── EXTRACTED RECORDS ──

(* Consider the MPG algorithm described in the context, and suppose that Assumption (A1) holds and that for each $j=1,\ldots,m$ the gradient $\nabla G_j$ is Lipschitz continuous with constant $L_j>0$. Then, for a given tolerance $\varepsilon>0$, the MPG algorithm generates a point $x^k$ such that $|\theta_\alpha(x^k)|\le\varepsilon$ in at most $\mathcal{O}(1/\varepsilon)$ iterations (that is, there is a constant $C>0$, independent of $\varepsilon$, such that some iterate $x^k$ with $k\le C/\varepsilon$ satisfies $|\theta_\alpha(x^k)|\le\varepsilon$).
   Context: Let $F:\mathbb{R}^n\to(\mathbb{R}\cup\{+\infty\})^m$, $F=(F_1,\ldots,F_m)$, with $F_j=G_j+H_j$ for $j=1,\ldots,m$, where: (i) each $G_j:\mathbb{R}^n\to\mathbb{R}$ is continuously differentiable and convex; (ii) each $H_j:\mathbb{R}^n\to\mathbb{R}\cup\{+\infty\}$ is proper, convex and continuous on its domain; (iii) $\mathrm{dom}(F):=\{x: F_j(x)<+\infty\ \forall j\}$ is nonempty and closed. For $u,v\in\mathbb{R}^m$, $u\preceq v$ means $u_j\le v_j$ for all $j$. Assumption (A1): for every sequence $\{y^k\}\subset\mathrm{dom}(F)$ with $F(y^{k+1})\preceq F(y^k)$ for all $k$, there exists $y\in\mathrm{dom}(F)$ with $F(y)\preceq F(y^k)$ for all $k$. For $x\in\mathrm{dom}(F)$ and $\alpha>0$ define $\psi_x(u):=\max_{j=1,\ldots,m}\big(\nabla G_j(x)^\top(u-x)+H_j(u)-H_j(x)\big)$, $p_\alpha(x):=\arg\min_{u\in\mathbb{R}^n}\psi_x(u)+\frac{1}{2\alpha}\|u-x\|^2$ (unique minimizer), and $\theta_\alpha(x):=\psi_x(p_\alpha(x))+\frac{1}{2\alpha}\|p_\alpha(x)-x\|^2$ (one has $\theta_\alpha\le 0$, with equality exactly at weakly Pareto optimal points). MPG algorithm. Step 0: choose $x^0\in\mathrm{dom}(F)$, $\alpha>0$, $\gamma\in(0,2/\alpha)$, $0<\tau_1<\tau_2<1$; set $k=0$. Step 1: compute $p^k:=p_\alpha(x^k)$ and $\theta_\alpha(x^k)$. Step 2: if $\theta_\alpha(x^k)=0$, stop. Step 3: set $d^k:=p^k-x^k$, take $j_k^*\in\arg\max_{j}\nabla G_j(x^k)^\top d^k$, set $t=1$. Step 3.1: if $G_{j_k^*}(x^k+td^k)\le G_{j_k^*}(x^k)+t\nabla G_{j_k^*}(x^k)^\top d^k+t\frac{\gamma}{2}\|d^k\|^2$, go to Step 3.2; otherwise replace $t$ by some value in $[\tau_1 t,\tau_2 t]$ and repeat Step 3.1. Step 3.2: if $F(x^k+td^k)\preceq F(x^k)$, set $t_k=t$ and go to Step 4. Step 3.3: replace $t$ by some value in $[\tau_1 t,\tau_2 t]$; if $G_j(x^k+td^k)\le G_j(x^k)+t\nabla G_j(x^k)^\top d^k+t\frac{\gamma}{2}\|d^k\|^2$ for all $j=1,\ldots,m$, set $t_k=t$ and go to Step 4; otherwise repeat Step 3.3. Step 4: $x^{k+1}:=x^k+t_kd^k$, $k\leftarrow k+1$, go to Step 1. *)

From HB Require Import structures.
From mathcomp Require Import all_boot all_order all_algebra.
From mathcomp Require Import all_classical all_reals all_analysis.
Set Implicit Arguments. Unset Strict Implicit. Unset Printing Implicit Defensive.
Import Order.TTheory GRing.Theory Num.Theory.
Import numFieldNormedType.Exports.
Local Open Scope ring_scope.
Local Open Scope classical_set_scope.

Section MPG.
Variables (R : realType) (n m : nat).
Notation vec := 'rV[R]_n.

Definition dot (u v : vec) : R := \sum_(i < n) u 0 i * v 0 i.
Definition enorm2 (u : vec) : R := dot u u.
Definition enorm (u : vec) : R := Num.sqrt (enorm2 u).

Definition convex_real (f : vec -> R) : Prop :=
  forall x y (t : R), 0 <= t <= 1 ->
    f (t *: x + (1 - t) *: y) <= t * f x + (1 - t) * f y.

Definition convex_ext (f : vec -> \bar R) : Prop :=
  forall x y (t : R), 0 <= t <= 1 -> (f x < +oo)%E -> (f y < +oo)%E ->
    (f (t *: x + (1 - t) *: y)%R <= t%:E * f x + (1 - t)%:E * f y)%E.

───

Nothing may be omitted or altered; reproduce all of the entries.

ANSWER TO THIS TASK:
(* Consider the MPG algorithm described in the context, and suppose that Assumption (A1) holds and that for each $j=1,\ldots,m$ the gradient $\nabla G_j$ is Lipschitz continuous with constant $L_j>0$. Then, for a given tolerance $\varepsilon>0$, the MPG algorithm generates a point $x^k$ such that $|\theta_\alpha(x^k)|\le\varepsilon$ in at most $\mathcal{O}(1/\varepsilon)$ iterations (that is, there is a constant $C>0$, independent of $\varepsilon$, such that some iterate $x^k$ with $k\le C/\varepsilon$ satisfies $|\theta_\alpha(x^k)|\le\varepsilon$).
   Context: Let $F:\mathbb{R}^n\to(\mathbb{R}\cup\{+\infty\})^m$, $F=(F_1,\ldots,F_m)$, with $F_j=G_j+H_j$ for $j=1,\ldots,m$, where: (i) each $G_j:\mathbb{R}^n\to\mathbb{R}$ is continuously differentiable and convex; (ii) each $H_j:\mathbb{R}^n\to\mathbb{R}\cup\{+\infty\}$ is proper, convex and continuous on its domain; (iii) $\mathrm{dom}(F):=\{x: F_j(x)<+\infty\ \forall j\}$ is nonempty and closed. For $u,v\in\mathbb{R}^m$, $u\preceq v$ means $u_j\le v_j$ for all $j$. Assumption (A1): for every sequence $\{y^k\}\subset\mathrm{dom}(F)$ with $F(y^{k+1})\preceq F(y^k)$ for all $k$, there exists $y\in\mathrm{dom}(F)$ with $F(y)\preceq F(y^k)$ for all $k$. For $x\in\mathrm{dom}(F)$ and $\alpha>0$ define $\psi_x(u):=\max_{j=1,\ldots,m}\big(\nabla G_j(x)^\top(u-x)+H_j(u)-H_j(x)\big)$, $p_\alpha(x):=\arg\min_{u\in\mathbb{R}^n}\psi_x(u)+\frac{1}{2\alpha}\|u-x\|^2$ (unique minimizer), and $\theta_\alpha(x):=\psi_x(p_\alpha(x))+\frac{1}{2\alpha}\|p_\alpha(x)-x\|^2$ (one has $\theta_\alpha\le 0$, with equality exactly at weakly Pareto optimal points). MPG algorithm. Step 0: choose $x^0\in\mathrm{dom}(F)$, $\alpha>0$, $\gamma\in(0,2/\alpha)$, $0<\tau_1<\tau_2<1$; set $k=0$. Step 1: compute $p^k:=p_\alpha(x^k)$ and $\theta_\alpha(x^k)$. Step 2: if $\theta_\alpha(x^k)=0$, stop. Step 3: set $d^k:=p^k-x^k$, take $j_k^*\in\arg\max_{j}\nabla G_j(x^k)^\top d^k$, set $t=1$. Step 3.1: if $G_{j_k^*}(x^k+td^k)\le G_{j_k^*}(x^k)+t\nabla G_{j_k^*}(x^k)^\top d^k+t\frac{\gamma}{2}\|d^k\|^2$, go to Step 3.2; otherwise replace $t$ by some value in $[\tau_1 t,\tau_2 t]$ and repeat Step 3.1. Step 3.2: if $F(x^k+td^k)\preceq F(x^k)$, set $t_k=t$ and go to Step 4. Step 3.3: replace $t$ by some value in $[\tau_1 t,\tau_2 t]$; if $G_j(x^k+td^k)\le G_j(x^k)+t\nabla G_j(x^k)^\top d^k+t\frac{\gamma}{2}\|d^k\|^2$ for all $j=1,\ldots,m$, set $t_k=t$ and go to Step 4; otherwise repeat Step 3.3. Step 4: $x^{k+1}:=x^k+t_kd^k$, $k\leftarrow k+1$, go to Step 1. *)

From HB Require Import structures.
From mathcomp Require Import all_boot all_order all_algebra.
From mathcomp Require Import all_classical all_reals all_analysis.
Set Implicit Arguments. Unset Strict Implicit. Unset Printing Implicit Defensive.
Import Order.TTheory GRing.Theory Num.Theory.
Import numFieldNormedType.Exports.
Local Open Scope ring_scope.
Local Open Scope classical_set_scope.

Section MPG.
Variables (R : realType) (n m : nat).
Notation vec := 'rV[R]_n.

Definition dot (u v : vec) : R := \sum_(i < n) u 0 i * v 0 i.
Definition enorm2 (u : vec) : R := dot u u.
Definition enorm (u : vec) : R := Num.sqrt (enorm2 u).

Definition convex_real (f : vec -> R) : Prop :=
  forall x y (t : R), 0 <= t <= 1 ->
    f (t *: x + (1 - t) *: y) <= t * f x + (1 - t) * f y.

Definition convex_ext (f : vec -> \bar R) : Prop :=
  forall x y (t : R), 0 <= t <= 1 -> (f x < +oo)%E -> (f y < +oo)%E ->
    (f (t *: x + (1 - t) *: y)%R <= t%:E * f x + (1 - t)%:E * f y)%E.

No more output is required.